For smooth operations on byte[], we’ve created a wrapper class ByteChunk. And for smooth type handling we created a dedicated ByteFlow, a subtype of Flow<ByteChunk>. To be able to utilize text and I/O operations, you need to create or transform into ByteFlow. It can be created via Flows.fromByteArray or Flows.fromByteChunk. Flow containing byte[] or ByteChunk can be transformed by using toByteFlow() method. Any other flow can be transformed by using toByteFlow() with mapping function.

Text operations

  • encodeUtf8 encodes a Flow<String> into a ByteFlow

  • linesUtf8 decodes a ByteFlow into a Flow<String>. Assumes that the input represents text with line breaks. The String elements emitted by resulting Flow<String> represent text lines.
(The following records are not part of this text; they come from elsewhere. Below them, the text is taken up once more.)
(* For probability measures $\mu$ on $\mathbb R$ with finite first moment set $a(x,\mu)=x\,I_{\{x\ge0\}}$ (the indicator function of $\{x\ge0\}$ times $x$), $b(x,\mu)=\int_{\mathbb R}(2y-x)\,\mu(dy)$, and $L_\mu u=a(x,\mu)u''+b(x,\mu)u'$. (a) For every compactly supported probability measure $\mu$, with $W(x,\mu)=\frac12\int_{\mathbb R}(x-2y)^2\,\mu(dy)$, one has $$\int_{\mathbb R}L_\mu W(x,\mu)\,\mu(dx)\le\frac12-\frac12\int_{\mathbb R}x^2\,\mu(dx),$$ where $L_\mu$ acts on $x\mapsto W(x,\mu)$. (b) There is no function $V\in C^2(\mathbb R)$ with $V\ge0$ and $V(x)\to+\infty$ as $|x|\to\infty$, together with positive numbers $C,\Lambda$, such that $\int_{\mathbb R}L_\mu V\,d\mu\le C-\Lambda\int_{\mathbb R}V\,d\mu$ for every compactly supported probability measure $\mu$ on $\mathbb R$. *)

From HB Require Import structures.
From mathcomp Require Import all_boot all_order all_algebra.
From mathcomp Require Import all_classical all_reals all_analysis.
Set Implicit Arguments. Unset Strict Implicit. Unset Printing Implicit Defensive.
Import Order.TTheory GRing.Theory Num.Theory.
Import numFieldNormedType.Exports.
Local Open Scope classical_set_scope.
Local Open Scope ring_scope.

Definition compactly_supported (R : realType) (mu : probability R R) : Prop :=
  exists M : R, mu [set x : R | M < `|x|] = 0%E.

Definition coef_a (R : realType) (x : R) : R := if 0 <= x then x else 0.

Definition coef_b (R : realType) (x : R) (mu : probability R R) : R :=
  fine (\int[mu]_y ((2 * y - x)%R)%:E).

Definition Lop (R : realType) (mu : probability R R) (u : R -> R) (x : R) : R :=
  coef_a x * derive1 (derive1 u) x + coef_b x mu * derive1 u x.

Definition Wfun (R : realType) (mu : probability R R) (x : R) : R :=
  2^-1 * fine (\int[mu]_y (((x - 2 * y) ^+ 2)%R)%:E).

Definition C2 (R : realType) (V : R -> R) : Prop :=
  (forall x, derivable V x 1) /\ (forall x, derivable (derive1 V) x 1) /\
  continuous (derive1 (derive1 V)).

Definition coercive (R : realType) (V : R -> R) : Prop :=
  forall A : R, exists N : R, forall x : R, N < `|x| -> A < V x.

(* For compactly supported mu the drift coefficient is affine, b(x) = 2 m1 - x,
   and W(., mu) is the quadratic x^2/2 - 2 m1 x + 2 m2, so that
   L W = a - (x - 2 m1)^2; integrating and using a(x) <= (1 + x^2)/2 gives (a).
   For (b), coercivity and the mean value theorem give c < 0 with V(c) > C/Lam
   and V'(c) < 0.  Against the Dirac mass at c the generator reduces to
   (2c - c) V'(c) = c V'(c) > 0, because the diffusion a vanishes on x < 0,
   while the right-hand side C - Lam V(c) is negative. *)

From HB Require Import structures.
From mathcomp Require Import all_boot all_order all_algebra.
From mathcomp Require Import all_classical all_reals all_analysis.
From mathcomp Require Import measurable_realfun ring lra.
Import Order.TTheory GRing.Theory Num.Theory.
Import numFieldNormedType.Exports.
Local Open Scope classical_set_scope.
Local Open Scope ring_scope.

Lemma coef_aE (R : realType) : @coef_a R = fun x => 2^-1 * (x + `|x|).
Proof.
apply/funext => x; rewrite /coef_a; case: ifPn => x_ge0.
  by rewrite ger0_norm //; field.
by rewrite ltr0_norm ?ltNge // subrr mulr0.
Qed.

Lemma measurable_coef_a (R : realType) : measurable_fun setT (@coef_a R).
Proof.
rewrite coef_aE; apply: measurable_funM; first exact: measurable_cst.
apply: measurable_funD; first exact: measurable_id.
exact: normr_measurable.
Qed.

Lemma derivable_measurable {R : realType} (f : R -> R) :
  (forall x, derivable f x 1) -> measurable_fun setT f.
Proof.
move=> df; apply: continuous_measurable_fun => x.
by apply/differentiable_continuous; rewrite -derivable1_diffP.
Qed.

Lemma coef_a_le {R : realType} (x : R) : coef_a x <= 2^-1 + 2^-1 * x ^+ 2.
Proof.
have := sqr_ge0 (x - 1); have := sqr_ge0 x; rewrite /coef_a; case: ifPn => _; lra.
Qed.

Lemma derive1_quadratic (R : realType) (a b c : R) :
  derive1 (fun x : R => a + b * x + c * x ^+ 2) = fun x => b + 2 * c * x.
Proof.
apply/funext => x; rewrite derive1E; apply: derive_val.
have -> : (fun x : R => a + b * x + c * x ^+ 2) = cst a + cst b * id + cst c * id ^+ 2.
  by apply/funext.
apply: is_derive_eq; rewrite /= /GRing.scale /=.
ring.
Qed.

Lemma measurable_norm_gt (R : realType) (M : R) : measurable [set x : R | M < `|x|].
Proof.
have -> : [set x : R | M < `|x|] = setT `&` (Num.norm @^-1` `]M, +oo[).
  by apply/seteqP; split => x /=; rewrite ?in_itv /= ?andbT; [move=> h; split | case].
exact: normr_measurable.
Qed.

Definition first_moment {R : realType} (mu : probability R R) : R :=
  fine (\int[mu]_y y%:E).

Definition second_moment {R : realType} (mu : probability R R) : R :=
  fine (\int[mu]_y (y ^+ 2)%:E).

Section BoundedSupport.
Context {R : realType} {mu : probability R R} {M : R}.
Hypothesis mu_out : mu [set x | M < `|x|] = 0%E.

Lemma integrable_bounded_on_support (f : R -> R) (K : R) :
  measurable_fun setT f -> (forall x, `|x| <= M -> `|f x| <= K) ->
  mu.-integrable setT (EFin \o f).
Proof.
move=> mf f_bnd; apply/integrableP; split; first exact/measurable_EFinP.
apply: (@le_lt_trans _ _ (`|K|%:E * mu setT)%E); last first.
  by rewrite probability_setT mule1 ltry.
apply: integral_le_bound => //; first exact/measurable_EFinP.
exists [set x | M < `|x|]; split => //; first exact: measurable_norm_gt.
move=> x /= f_big; rewrite ltNge; apply/negP => xM; apply: f_big => _.
by rewrite lee_fin (le_trans (f_bnd _ xM)) // ler_norm.
Qed.

Lemma integrable_id : mu.-integrable setT EFin.
Proof. by apply: (@integrable_bounded_on_support (fun y => y) M) => //; exact: measurable_id. Qed.

Lemma integrable_sqr : mu.-integrable setT (fun y => (y ^+ 2)%:E).
Proof.
apply: (@integrable_bounded_on_support (fun y => y ^+ 2) (M ^+ 2)) => [|x xM].
  exact/measurable_funX/measurable_id.
by rewrite normrX lerXn2r // nnegrE (le_trans _ xM).
Qed.

Lemma first_momentE : (first_moment mu)%:E = (\int[mu]_y y%:E)%E.
Proof. by rewrite fineK //; exact: (integrable_fin_num _ integrable_id). Qed.

Lemma second_momentE : (second_moment mu)%:E = (\int[mu]_y (y ^+ 2)%:E)%E.
Proof. by rewrite fineK //; exact: (integrable_fin_num _ integrable_sqr). Qed.

Lemma integral_quadratic (a b c : R) :
  (\int[mu]_y (a + b * y + c * y ^+ 2)%:E =
    (a + b * first_moment mu + c * second_moment mu)%:E)%E.
Proof.
have i1 := integrable_id; have i2 := integrable_sqr.
under eq_integral do rewrite !EFinD [(b * _)%:E]EFinM [(c * _)%:E]EFinM.
rewrite integralD //; last exact: integrableZl.
  rewrite integralD //; last exact: integrableZl.
    rewrite integralZl // integralZl // -first_momentE -second_momentE integral_cst //.
    by rewrite [X in (a%:E * X)%E]probability_setT mule1 -!EFinM -!EFinD.
  exact: finite_measure_integrable_cst.
apply: integrableD => //; last exact: integrableZl.
exact: finite_measure_integrable_cst.
Qed.

Lemma integrable_quadratic (a b c : R) :
  mu.-integrable setT (EFin \o (fun y => a + b * y + c * y ^+ 2)).
Proof.
have i1 := integrable_id; have i2 := integrable_sqr.
apply: (@eq_integrable _ _ _ mu _ measurableT
  (fun y => a%:E + b%:E * y%:E + c%:E * (y ^+ 2)%:E)%E).
  by move=> y _; rewrite /= -!EFinM -!EFinD.
apply: integrableD => //; last exact: integrableZl.
apply: integrableD => //; last exact: integrableZl.
exact: finite_measure_integrable_cst.
Qed.

Lemma integrable_coef_a : mu.-integrable setT (EFin \o @coef_a R).
Proof.
apply: (@integrable_bounded_on_support _ `|M| (@measurable_coef_a R)) => x xM.
rewrite /coef_a; case: ifPn => _; last by rewrite normr0.
by rewrite (le_trans xM) // ler_norm.
Qed.

Lemma coef_b_supported (x : R) : coef_b x mu = 2 * first_moment mu - x.
Proof.
rewrite /coef_b (eq_integral (fun y : R => (- x + 2 * y + 0 * y ^+ 2)%:E)).
  by rewrite integral_quadratic /=; ring.
by move=> y _; congr EFin; ring.
Qed.

Lemma Wfun_supported :
  Wfun mu = fun x => 2 * second_moment mu + (- 2 * first_moment mu) * x + 2^-1 * x ^+ 2.
Proof.
apply/funext => x; rewrite /Wfun.
rewrite (eq_integral (fun y : R => (x ^+ 2 + (- 4 * x) * y + 4 * y ^+ 2)%:E)).
  by rewrite integral_quadratic /=; field.
by move=> y _; congr EFin; ring.
Qed.

Lemma Lop_Wfun_supported (x : R) :
  Lop mu (Wfun mu) x = coef_a x - (x - 2 * first_moment mu) ^+ 2.
Proof.
have W' : derive1 (Wfun mu) = fun x => - 2 * first_moment mu + 1 * x + 0 * x ^+ 2.
  by rewrite Wfun_supported derive1_quadratic; apply/funext => y; field.
rewrite /Lop W' derive1_quadratic coef_b_supported; ring.
Qed.

End BoundedSupport.

Lemma integral_Lop_Wfun_le (R : realType) (mu : probability R R) :
  compactly_supported mu ->
  (\int[mu]_x (Lop mu (Wfun mu) x)%:E
     <= (2^-1)%:E - (2^-1)%:E * \int[mu]_x ((x ^+ 2)%R)%:E)%E.
Proof.
case=> M mu_out; set m1 := first_moment mu.
have LW_le x : Lop mu (Wfun mu) x <= (2^-1 - 4 * m1 ^+ 2) + 4 * m1 * x + (- 2^-1) * x ^+ 2.
  by rewrite (Lop_Wfun_supported mu_out) -/m1; have := coef_a_le x; lra.
have LW_int : mu.-integrable setT (fun x => (Lop mu (Wfun mu) x)%:E).
  apply: (@eq_integrable _ _ _ mu _ measurableT
    (fun x => (coef_a x)%:E + (- 4 * m1 ^+ 2 + 4 * m1 * x + (- 1) * x ^+ 2)%:E)%E).
    by move=> x _; rewrite (Lop_Wfun_supported mu_out) -/m1 -EFinD; congr EFin; ring.
  apply: integrableD => //; first exact: integrable_coef_a mu_out.
  exact: (integrable_quadratic mu_out (- 4 * m1 ^+ 2) (4 * m1) (- 1)).
apply: le_trans (le_integral measurableT LW_int (integrable_quadratic mu_out _ _ _) _) _.
  by move=> x _; rewrite lee_fin; exact: LW_le.
rewrite (integral_quadratic mu_out) -(second_momentE mu_out) -EFinM -EFinB lee_fin -/m1.
lra.
Qed.

Lemma coercive_descent_left {R : realType} (V : R -> R) (A : R) :
  (forall x, derivable V x 1) -> coercive V ->
  exists c, [/\ c < 0, A < V c & derive1 V c < 0].
Proof.
move=> dV coerV; have [N VN] := coerV A.
pose z0 := - (`|N| + 1); have [N' VN'] := coerV (V z0).
pose z1 := - (`|N| + `|N'| + 2).
have N_ge0 := normr_ge0 N; have N'_ge0 := normr_ge0 N'.
have z10 : z1 < z0 by rewrite /z1 /z0; lra.
have V10 : V z0 < V z1.
  by apply: VN'; rewrite normrN ger0_norm; have := ler_norm N'; lra.
have [c] : exists2 c, c \in `]z1, z0[ & V z0 - V z1 = derive1 V c * (z0 - z1).
  apply: MVT => //; last by apply: derivable_within_continuous => x _.
  by move=> x _; rewrite derive1E; apply: derivableP.
rewrite in_itv /= => /andP[z1c cz0] mvt.
have c0 : c < 0 by rewrite /z0 in cz0; lra.
exists c; split => //.
  by apply: VN; rewrite ltr0_norm //; have := ler_norm N; rewrite /z0 in cz0; lra.
have : derive1 V c * (z0 - z1) < 0 by rewrite -mvt subr_lt0.
by rewrite pmulr_llt0 // subr_gt0.
Qed.

Lemma compactly_supported_dirac {R : realType} (c : R) : compactly_supported \d_c.
Proof.
exists `|c|; change ((@dirac _ R c R) [set x | `|c| < `|x|] = 0%E).
by rewrite diracE memNset //= ltxx.
Qed.

Lemma integral_dirac_EFin {R : realType} (c : R) (f : R -> R) :
  measurable_fun setT f -> (\int[\d_c]_x (f x)%:E = (f c)%:E)%E.
Proof.
by move=> mf; rewrite integral_dirac //; [rewrite diracT mul1e | exact/measurable_EFinP].
Qed.

Lemma coef_b_dirac {R : realType} (c x : R) : coef_b x \d_c = 2 * c - x.
Proof.
rewrite /coef_b integral_dirac_EFin //.
apply: measurable_funB; last exact: measurable_cst.
by apply: measurable_funM; [exact: measurable_cst | exact: measurable_id].
Qed.

Lemma measurable_Lop_dirac {R : realType} (c : R) (V : R -> R) :
  C2 V -> measurable_fun setT (Lop \d_c V).
Proof.
case=> dV [dV' /continuous_measurable_fun mV''].
rewrite /Lop; under eq_fun do rewrite coef_b_dirac.
apply: measurable_funD; apply: measurable_funM => //.
- exact: measurable_coef_a.
- apply: measurable_funB; [exact: measurable_cst | exact: measurable_id].
- exact: derivable_measurable.
Qed.

Lemma Lop_dirac_at_neg {R : realType} (c : R) (V : R -> R) :
  c < 0 -> Lop \d_c V c = c * derive1 V c.
Proof.
by move=> c0; rewrite /Lop coef_b_dirac /coef_a leNgt c0 mul0r add0r; congr (_ * _); ring.
Qed.

Lemma no_Lyapunov_function (R : realType) :
  ~ (exists (V : R -> R) (C Lam : R),
       [/\ C2 V, (forall x, 0 <= V x), coercive V, 0 < C /\ 0 < Lam &
        forall mu : probability R R, compactly_supported mu ->
          (\int[mu]_x (Lop mu V x)%:E
             <= C%:E - Lam%:E * \int[mu]_x (V x)%:E)%E]).
Proof.
case=> V [C [Lam [V_C2 _ coerV [_ Lam0] drift]]].
have [c [c0 VcA dVc]] := coercive_descent_left V (C / Lam) V_C2.1 coerV.
have := drift \d_c (compactly_supported_dirac c).
rewrite !integral_dirac_EFin; last 2 first.
- exact: derivable_measurable V_C2.1.
- exact: measurable_Lop_dirac.
rewrite Lop_dirac_at_neg // -EFinM -EFinB lee_fin.
have : C < V c * Lam by rewrite -ltr_pdivrMr.
have : 0 < c * derive1 V c by rewrite nmulr_rgt0.
lra.
Qed.

Theorem mainTheorem12 (R : realType) :
  (forall mu : probability R R, compactly_supported mu ->
     (\int[mu]_x (Lop mu (Wfun mu) x)%:E
        <= (2^-1)%:E - (2^-1)%:E * \int[mu]_x ((x ^+ 2)%R)%:E)%E)
  /\
  ~ (exists (V : R -> R) (C Lam : R),
       [/\ C2 V, (forall x, 0 <= V x), coercive V, 0 < C /\ 0 < Lam &
        forall mu : probability R R, compactly_supported mu ->
          (\int[mu]_x (Lop mu V x)%:E
             <= C%:E - Lam%:E * \int[mu]_x (V x)%:E)%E]).
Proof.
split; [exact: integral_Lop_Wfun_le | exact: no_Lyapunov_function].
Qed.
  • decodeStringUtf8 to decode a ByteFlow into a Flow<String>, without handling line breaks, just processing input bytes as UTF-8 characters, even if a multi-byte character is divided into two chunks.

I/O Operations

  • runToInputStream(UnsupervisedScope scope) runs given flow asynchronously into returned InputStream

  • runToOutputStream(OutputStream outputStream) runs given flow into provided OutputStream

  • runToFile(Path path) runs given flow into file. If file does not exist, it’s created.

It is also possible to create Flow from inputStream or path using Flows factory methods.

Logging

Jox does not have any integrations with logging libraries, but it provides a simple way to log elements emitted by flows using the .tap method:

import com.softwaremill.jox.flows.Flows;

public class Demo {

    public static void main(String[] args) throws Exception {
        Flows.fromValues(1, 2, 3)
                .tap(n -> System.out.printf("Received: %d%n", n))
                .runToList();
    }
}

Reactive streams interoperability

Flow -> Publisher

A Flow can be converted to a java.util.concurrent.Flow.Publisher using the .toPublisher method.

This needs to be run within an concurrency Scope, as upon subscribing, a fork is created to run the publishing process. Hence, the scope should remain active as long as the publisher is used.

Internally, elements emitted by the flow are buffered, using a buffer of capacity given by the Channel.BUFFER_SIZE in scope.

To obtain a org.reactivestreams.Publisher instance, you’ll need to add the reactive-streams dependency and use org.reactivestreams.FlowAdapters.

Publisher -> Flow

A java.util.concurrent.Flow.Publisher can be converted to a Flow using Flow.fromPublisher.

Internally, elements published to the subscription are buffered, using a buffer of capacity given by the Channel.BUFFER_SIZE in scope. That’s also how many elements will be at most requested from the publisher at a time.

To convert a org.reactivestreams.Publisher instance, you’ll need the same dependency as above and use org.reactivestreams.FlowAdapters.